***** GIVEN DATA

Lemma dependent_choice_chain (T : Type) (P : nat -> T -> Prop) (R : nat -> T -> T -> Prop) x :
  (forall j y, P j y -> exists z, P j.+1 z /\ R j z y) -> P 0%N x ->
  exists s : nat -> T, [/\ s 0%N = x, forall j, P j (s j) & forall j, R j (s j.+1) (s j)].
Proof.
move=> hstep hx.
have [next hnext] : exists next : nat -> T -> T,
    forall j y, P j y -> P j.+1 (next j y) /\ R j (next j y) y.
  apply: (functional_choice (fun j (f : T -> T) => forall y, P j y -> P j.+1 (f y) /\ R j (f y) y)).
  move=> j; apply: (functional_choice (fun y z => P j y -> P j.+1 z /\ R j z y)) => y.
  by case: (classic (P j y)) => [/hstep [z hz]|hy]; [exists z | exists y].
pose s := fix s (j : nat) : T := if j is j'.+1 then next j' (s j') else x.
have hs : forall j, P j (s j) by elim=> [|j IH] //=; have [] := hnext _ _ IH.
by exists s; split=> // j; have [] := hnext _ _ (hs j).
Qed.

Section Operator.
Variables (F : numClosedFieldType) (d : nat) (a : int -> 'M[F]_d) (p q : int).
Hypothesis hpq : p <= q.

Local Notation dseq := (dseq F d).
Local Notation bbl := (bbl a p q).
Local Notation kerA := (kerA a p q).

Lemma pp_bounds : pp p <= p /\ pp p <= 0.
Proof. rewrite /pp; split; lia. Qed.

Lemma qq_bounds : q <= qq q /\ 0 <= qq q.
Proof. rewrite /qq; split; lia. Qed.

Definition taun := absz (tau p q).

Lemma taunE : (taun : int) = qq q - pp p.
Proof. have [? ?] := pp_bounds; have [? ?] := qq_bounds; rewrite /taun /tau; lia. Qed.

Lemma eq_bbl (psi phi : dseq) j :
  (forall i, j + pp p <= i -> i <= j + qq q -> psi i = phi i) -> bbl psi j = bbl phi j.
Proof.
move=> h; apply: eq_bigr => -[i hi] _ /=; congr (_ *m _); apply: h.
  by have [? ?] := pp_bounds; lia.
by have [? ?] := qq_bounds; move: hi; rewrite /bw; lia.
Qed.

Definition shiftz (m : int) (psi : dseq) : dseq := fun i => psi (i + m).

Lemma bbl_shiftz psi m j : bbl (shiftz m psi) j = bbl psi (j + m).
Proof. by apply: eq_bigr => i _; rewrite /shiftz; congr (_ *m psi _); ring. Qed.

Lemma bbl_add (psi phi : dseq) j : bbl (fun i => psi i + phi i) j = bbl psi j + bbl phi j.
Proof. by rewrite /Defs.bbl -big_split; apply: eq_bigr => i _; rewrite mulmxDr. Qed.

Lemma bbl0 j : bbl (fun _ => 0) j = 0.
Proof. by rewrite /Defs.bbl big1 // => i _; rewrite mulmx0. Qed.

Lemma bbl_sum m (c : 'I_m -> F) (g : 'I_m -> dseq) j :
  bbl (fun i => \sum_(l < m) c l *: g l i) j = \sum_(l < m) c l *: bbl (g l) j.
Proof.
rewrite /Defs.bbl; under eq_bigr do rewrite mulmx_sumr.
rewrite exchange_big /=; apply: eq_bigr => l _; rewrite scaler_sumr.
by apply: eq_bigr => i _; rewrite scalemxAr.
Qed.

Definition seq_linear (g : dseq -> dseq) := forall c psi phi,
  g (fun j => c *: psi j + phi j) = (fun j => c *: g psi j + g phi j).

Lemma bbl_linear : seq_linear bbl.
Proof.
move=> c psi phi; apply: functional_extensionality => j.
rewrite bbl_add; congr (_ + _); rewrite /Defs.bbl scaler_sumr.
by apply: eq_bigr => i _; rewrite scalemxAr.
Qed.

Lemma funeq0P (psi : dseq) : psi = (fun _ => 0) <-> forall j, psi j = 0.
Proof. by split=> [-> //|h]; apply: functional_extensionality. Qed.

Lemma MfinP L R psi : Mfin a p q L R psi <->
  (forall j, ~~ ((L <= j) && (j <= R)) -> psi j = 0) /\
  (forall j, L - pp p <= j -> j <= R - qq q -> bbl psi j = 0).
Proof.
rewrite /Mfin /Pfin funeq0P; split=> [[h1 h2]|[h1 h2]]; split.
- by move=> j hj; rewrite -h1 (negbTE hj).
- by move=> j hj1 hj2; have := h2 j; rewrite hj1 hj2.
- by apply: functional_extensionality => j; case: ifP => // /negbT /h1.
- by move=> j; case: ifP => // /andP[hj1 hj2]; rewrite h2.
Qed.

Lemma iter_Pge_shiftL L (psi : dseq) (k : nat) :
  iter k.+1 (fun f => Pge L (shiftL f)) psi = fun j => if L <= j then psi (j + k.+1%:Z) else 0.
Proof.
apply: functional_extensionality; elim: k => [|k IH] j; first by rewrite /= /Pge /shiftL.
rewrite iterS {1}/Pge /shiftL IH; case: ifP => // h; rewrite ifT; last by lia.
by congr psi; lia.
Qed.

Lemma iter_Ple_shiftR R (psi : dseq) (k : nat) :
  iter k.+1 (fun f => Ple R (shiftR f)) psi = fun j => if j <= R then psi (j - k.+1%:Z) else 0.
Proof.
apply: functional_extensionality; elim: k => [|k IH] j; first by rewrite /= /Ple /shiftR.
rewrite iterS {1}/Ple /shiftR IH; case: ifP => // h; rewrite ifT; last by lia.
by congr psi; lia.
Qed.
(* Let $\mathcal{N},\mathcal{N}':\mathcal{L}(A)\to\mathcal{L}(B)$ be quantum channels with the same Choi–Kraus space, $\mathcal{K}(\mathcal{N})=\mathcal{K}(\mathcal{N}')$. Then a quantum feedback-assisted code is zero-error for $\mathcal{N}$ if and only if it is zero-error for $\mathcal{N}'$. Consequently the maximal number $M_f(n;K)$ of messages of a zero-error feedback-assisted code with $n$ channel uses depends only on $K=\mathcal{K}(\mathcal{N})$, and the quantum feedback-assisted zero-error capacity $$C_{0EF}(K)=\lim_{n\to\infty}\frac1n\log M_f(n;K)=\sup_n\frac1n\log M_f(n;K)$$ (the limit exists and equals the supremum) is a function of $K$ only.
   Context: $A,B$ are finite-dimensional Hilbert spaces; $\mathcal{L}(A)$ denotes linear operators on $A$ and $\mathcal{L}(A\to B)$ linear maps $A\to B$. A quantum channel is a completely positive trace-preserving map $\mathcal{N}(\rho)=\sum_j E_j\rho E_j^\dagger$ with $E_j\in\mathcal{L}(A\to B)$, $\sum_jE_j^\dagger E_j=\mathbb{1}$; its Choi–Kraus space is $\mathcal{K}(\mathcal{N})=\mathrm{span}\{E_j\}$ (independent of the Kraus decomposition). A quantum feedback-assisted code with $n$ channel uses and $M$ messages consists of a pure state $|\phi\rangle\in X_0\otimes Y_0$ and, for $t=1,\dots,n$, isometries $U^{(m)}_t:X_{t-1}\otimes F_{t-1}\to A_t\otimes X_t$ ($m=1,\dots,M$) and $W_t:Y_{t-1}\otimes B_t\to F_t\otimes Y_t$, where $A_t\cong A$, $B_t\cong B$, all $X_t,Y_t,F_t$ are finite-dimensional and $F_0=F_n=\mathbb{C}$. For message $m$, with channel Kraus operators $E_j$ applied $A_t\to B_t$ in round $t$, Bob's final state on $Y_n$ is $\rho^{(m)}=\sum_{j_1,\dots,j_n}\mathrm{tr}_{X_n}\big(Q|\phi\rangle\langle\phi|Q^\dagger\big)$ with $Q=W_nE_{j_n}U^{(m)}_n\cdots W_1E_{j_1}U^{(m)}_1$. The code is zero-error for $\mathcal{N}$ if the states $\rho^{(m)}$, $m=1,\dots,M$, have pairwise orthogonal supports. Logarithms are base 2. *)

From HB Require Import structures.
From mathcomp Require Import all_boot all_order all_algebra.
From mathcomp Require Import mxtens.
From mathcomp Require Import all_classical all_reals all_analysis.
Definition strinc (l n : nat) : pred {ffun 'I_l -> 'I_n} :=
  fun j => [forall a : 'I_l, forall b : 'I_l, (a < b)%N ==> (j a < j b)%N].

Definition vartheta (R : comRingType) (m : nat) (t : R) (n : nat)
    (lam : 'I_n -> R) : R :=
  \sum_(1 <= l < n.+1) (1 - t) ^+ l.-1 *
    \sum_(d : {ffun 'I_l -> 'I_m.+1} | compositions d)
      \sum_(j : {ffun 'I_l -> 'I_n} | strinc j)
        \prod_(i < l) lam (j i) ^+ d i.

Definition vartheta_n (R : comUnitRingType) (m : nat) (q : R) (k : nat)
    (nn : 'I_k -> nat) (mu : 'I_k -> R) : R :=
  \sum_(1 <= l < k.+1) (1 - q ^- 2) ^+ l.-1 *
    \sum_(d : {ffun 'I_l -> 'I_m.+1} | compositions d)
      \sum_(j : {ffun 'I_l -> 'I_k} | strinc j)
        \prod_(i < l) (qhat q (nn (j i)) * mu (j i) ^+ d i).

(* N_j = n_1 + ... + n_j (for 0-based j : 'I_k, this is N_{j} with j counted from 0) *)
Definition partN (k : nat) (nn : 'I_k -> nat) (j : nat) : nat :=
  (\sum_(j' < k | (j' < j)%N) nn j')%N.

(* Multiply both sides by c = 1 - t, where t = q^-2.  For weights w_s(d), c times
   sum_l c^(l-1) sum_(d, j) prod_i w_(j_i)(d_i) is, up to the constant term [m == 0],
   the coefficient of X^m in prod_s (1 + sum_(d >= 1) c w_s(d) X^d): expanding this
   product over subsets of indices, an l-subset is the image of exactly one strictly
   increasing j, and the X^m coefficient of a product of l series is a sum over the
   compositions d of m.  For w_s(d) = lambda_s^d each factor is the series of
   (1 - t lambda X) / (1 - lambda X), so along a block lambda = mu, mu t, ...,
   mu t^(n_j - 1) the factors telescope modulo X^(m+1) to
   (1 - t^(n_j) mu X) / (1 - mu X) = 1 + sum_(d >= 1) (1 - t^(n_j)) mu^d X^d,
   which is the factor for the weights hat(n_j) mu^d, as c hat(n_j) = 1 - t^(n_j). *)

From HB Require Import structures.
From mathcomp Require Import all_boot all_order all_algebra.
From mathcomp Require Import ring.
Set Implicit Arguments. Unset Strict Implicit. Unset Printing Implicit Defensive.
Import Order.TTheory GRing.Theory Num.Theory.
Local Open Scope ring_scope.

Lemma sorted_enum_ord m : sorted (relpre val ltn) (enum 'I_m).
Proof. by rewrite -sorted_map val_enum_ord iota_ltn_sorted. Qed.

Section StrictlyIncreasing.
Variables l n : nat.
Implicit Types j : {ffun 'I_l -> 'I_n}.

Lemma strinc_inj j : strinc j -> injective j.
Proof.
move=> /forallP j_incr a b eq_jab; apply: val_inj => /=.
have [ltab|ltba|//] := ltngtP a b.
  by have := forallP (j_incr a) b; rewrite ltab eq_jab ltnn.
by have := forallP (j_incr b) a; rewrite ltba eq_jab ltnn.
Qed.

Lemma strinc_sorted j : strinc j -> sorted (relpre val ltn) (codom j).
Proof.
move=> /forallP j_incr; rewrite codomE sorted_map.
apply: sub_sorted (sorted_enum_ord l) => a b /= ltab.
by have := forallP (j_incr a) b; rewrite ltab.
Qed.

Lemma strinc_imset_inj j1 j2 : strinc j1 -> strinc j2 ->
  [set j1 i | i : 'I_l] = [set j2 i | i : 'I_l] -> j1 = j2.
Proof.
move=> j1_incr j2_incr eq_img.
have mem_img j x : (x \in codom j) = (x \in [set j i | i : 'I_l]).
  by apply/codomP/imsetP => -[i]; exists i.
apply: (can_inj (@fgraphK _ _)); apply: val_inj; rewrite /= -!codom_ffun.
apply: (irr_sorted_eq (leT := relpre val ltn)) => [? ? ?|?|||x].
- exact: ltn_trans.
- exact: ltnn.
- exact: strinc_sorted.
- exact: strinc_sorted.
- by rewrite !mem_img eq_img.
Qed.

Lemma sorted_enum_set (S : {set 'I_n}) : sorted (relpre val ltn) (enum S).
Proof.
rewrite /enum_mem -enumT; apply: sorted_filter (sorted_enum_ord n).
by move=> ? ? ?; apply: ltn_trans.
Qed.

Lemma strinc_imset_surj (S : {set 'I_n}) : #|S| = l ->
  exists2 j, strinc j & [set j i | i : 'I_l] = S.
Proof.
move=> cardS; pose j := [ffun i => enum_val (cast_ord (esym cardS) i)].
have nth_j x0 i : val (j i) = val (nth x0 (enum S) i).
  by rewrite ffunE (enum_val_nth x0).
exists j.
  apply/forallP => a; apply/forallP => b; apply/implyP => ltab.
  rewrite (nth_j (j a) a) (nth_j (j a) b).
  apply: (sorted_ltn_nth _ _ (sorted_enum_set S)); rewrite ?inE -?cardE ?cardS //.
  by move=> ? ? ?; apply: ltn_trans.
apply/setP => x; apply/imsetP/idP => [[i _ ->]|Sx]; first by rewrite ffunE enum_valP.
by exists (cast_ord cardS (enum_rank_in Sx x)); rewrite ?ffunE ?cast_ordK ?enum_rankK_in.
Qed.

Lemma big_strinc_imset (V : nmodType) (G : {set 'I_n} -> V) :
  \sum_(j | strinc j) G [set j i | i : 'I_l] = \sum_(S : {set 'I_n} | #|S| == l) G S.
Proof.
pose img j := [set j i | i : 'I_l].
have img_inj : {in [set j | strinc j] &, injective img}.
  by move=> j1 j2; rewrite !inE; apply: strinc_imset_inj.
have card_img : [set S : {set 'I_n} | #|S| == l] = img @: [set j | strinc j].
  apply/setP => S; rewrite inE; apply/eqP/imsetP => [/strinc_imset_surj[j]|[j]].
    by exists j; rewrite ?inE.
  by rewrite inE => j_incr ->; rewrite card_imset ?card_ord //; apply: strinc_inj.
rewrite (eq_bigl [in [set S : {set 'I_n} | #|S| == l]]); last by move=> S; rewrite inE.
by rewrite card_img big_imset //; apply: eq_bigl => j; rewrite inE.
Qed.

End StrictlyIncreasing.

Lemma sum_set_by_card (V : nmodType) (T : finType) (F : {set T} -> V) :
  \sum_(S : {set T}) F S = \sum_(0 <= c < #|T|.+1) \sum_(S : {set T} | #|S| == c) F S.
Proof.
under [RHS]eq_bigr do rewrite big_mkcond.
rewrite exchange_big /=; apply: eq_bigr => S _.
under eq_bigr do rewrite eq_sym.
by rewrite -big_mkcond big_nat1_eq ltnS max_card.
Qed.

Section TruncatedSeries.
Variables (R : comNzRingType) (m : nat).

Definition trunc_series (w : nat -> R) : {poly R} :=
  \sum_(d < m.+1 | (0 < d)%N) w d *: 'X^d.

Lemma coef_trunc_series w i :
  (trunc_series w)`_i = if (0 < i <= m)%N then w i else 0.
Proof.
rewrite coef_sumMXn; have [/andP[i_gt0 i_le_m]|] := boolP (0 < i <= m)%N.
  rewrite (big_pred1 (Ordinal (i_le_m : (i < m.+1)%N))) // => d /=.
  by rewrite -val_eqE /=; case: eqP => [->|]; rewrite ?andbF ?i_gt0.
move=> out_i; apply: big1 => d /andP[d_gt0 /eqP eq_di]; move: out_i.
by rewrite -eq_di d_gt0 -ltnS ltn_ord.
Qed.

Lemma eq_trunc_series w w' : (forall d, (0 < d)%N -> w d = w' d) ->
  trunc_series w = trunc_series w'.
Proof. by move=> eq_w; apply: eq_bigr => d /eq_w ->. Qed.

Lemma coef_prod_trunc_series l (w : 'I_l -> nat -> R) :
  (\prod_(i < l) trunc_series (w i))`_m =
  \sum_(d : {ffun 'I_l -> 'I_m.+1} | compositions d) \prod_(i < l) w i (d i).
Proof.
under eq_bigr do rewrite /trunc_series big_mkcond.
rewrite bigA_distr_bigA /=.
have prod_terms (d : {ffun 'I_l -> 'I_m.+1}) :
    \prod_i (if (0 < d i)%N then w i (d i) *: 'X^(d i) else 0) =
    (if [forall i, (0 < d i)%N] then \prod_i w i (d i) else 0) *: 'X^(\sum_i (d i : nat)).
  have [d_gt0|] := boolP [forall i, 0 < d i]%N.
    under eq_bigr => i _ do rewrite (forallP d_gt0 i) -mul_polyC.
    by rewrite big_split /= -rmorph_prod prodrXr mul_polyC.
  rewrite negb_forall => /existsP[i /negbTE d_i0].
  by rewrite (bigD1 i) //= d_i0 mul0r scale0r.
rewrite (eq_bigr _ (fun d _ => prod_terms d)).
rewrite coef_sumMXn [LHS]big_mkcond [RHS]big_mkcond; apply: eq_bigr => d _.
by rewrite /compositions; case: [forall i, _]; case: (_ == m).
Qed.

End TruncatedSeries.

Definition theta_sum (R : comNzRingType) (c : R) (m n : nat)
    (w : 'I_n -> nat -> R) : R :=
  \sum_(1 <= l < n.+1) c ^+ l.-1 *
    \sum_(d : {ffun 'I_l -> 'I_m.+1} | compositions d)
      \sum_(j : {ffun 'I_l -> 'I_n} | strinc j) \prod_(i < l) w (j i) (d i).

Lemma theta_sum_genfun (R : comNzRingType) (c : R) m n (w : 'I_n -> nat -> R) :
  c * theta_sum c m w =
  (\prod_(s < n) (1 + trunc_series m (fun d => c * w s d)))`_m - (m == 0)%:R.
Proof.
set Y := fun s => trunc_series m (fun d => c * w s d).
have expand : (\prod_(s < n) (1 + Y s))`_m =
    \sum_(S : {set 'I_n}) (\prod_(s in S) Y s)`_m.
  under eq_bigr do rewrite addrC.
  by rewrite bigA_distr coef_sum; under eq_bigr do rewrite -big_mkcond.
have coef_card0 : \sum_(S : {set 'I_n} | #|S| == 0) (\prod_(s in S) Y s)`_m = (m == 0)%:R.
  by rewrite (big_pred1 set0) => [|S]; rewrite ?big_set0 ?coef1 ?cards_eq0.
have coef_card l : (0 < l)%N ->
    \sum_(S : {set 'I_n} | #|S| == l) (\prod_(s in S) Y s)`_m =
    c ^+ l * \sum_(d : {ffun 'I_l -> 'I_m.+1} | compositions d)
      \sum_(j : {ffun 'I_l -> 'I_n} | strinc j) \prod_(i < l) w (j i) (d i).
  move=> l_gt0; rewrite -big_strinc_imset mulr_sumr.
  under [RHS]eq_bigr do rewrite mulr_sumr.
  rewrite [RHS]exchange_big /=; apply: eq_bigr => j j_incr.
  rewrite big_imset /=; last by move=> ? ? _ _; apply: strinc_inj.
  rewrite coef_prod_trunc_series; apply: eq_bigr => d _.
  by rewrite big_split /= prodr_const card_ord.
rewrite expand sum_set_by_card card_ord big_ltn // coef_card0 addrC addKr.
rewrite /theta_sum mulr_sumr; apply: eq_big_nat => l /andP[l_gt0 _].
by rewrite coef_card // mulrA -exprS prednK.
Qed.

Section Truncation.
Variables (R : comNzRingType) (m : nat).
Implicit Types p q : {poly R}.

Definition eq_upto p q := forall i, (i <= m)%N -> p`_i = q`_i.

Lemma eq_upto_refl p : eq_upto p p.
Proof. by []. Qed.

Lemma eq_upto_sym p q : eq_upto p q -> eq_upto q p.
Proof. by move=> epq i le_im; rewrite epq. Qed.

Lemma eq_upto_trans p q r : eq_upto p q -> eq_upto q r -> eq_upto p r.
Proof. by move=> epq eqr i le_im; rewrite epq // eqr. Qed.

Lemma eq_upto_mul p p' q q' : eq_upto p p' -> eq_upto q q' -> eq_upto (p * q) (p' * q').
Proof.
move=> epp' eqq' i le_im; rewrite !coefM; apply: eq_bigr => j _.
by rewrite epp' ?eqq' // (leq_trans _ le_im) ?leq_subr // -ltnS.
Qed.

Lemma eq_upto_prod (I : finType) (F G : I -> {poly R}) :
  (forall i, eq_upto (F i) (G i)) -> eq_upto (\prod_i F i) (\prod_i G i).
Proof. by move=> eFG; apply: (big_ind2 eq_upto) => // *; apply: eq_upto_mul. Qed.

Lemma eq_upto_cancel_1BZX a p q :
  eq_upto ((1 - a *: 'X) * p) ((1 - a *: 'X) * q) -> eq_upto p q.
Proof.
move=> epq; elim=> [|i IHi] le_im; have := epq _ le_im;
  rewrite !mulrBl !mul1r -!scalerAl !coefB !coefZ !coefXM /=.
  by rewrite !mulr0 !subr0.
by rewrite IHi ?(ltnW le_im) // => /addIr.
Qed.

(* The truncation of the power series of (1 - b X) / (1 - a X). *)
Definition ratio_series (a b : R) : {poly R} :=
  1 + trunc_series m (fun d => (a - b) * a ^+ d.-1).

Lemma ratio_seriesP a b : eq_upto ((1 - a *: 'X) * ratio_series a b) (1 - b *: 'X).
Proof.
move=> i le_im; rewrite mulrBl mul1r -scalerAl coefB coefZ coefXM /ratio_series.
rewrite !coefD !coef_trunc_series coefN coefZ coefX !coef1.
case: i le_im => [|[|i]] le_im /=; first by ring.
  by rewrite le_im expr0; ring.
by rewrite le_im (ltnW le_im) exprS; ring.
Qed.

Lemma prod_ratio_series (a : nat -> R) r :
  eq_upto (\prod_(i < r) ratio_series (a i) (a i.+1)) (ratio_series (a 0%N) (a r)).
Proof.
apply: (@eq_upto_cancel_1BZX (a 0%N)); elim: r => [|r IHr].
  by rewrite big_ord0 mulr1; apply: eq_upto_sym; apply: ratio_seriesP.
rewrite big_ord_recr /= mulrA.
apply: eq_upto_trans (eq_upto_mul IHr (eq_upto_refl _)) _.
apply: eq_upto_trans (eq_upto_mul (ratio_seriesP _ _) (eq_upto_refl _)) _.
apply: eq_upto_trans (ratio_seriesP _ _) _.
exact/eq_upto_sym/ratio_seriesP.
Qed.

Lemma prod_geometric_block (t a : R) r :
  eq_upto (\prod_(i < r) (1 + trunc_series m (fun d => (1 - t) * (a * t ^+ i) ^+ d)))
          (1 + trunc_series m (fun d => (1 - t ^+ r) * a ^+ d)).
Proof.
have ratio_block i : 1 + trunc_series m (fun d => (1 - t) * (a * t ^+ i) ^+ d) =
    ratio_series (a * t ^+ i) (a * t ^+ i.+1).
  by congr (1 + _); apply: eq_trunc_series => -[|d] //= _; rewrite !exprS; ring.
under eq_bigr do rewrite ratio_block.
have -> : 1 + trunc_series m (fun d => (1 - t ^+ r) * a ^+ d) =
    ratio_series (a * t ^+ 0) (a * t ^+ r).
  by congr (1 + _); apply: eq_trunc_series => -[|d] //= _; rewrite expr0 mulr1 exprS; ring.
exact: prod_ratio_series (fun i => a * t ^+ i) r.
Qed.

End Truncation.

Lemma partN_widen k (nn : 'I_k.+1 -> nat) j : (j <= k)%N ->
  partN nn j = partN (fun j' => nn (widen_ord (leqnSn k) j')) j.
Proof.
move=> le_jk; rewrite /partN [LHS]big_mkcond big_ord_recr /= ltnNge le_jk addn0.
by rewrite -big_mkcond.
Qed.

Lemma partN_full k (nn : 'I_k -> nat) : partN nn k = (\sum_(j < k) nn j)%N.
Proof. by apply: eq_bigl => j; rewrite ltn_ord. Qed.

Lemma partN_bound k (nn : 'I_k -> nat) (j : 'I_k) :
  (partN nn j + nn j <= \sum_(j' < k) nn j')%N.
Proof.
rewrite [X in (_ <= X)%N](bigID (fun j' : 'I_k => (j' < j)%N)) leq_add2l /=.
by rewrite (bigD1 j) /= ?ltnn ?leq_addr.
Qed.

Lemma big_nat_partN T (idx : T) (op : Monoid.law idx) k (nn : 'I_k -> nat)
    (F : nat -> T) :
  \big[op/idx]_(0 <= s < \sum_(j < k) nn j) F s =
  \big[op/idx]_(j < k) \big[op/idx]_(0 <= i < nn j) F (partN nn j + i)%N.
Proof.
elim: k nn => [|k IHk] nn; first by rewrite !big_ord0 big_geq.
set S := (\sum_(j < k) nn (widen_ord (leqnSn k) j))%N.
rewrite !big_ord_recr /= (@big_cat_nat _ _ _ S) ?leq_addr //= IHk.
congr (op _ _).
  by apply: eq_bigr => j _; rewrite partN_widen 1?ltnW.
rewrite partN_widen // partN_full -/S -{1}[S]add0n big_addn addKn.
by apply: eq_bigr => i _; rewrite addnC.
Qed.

**********

REQUIREMENT:
What you give back should be only the lines of the records above, starting at the line with "Lemma prod_ratio_series (a" and ending at the line with "eq_upto (\prod_(i < r) (1", restated word for word.

OUTPUT OF THE TASK:
Lemma prod_ratio_series (a : nat -> R) r :
  eq_upto (\prod_(i < r) ratio_series (a i) (a i.+1)) (ratio_series (a 0%N) (a r)).
Proof.
apply: (@eq_upto_cancel_1BZX (a 0%N)); elim: r => [|r IHr].
  by rewrite big_ord0 mulr1; apply: eq_upto_sym; apply: ratio_seriesP.
rewrite big_ord_recr /= mulrA.
apply: eq_upto_trans (eq_upto_mul IHr (eq_upto_refl _)) _.
apply: eq_upto_trans (eq_upto_mul (ratio_seriesP _ _) (eq_upto_refl _)) _.
apply: eq_upto_trans (ratio_seriesP _ _) _.
exact/eq_upto_sym/ratio_seriesP.
Qed.

Lemma prod_geometric_block (t a : R) r :
  eq_upto (\prod_(i < r) (1 + trunc_series m (fun d => (1 - t) * (a * t ^+ i) ^+ d)))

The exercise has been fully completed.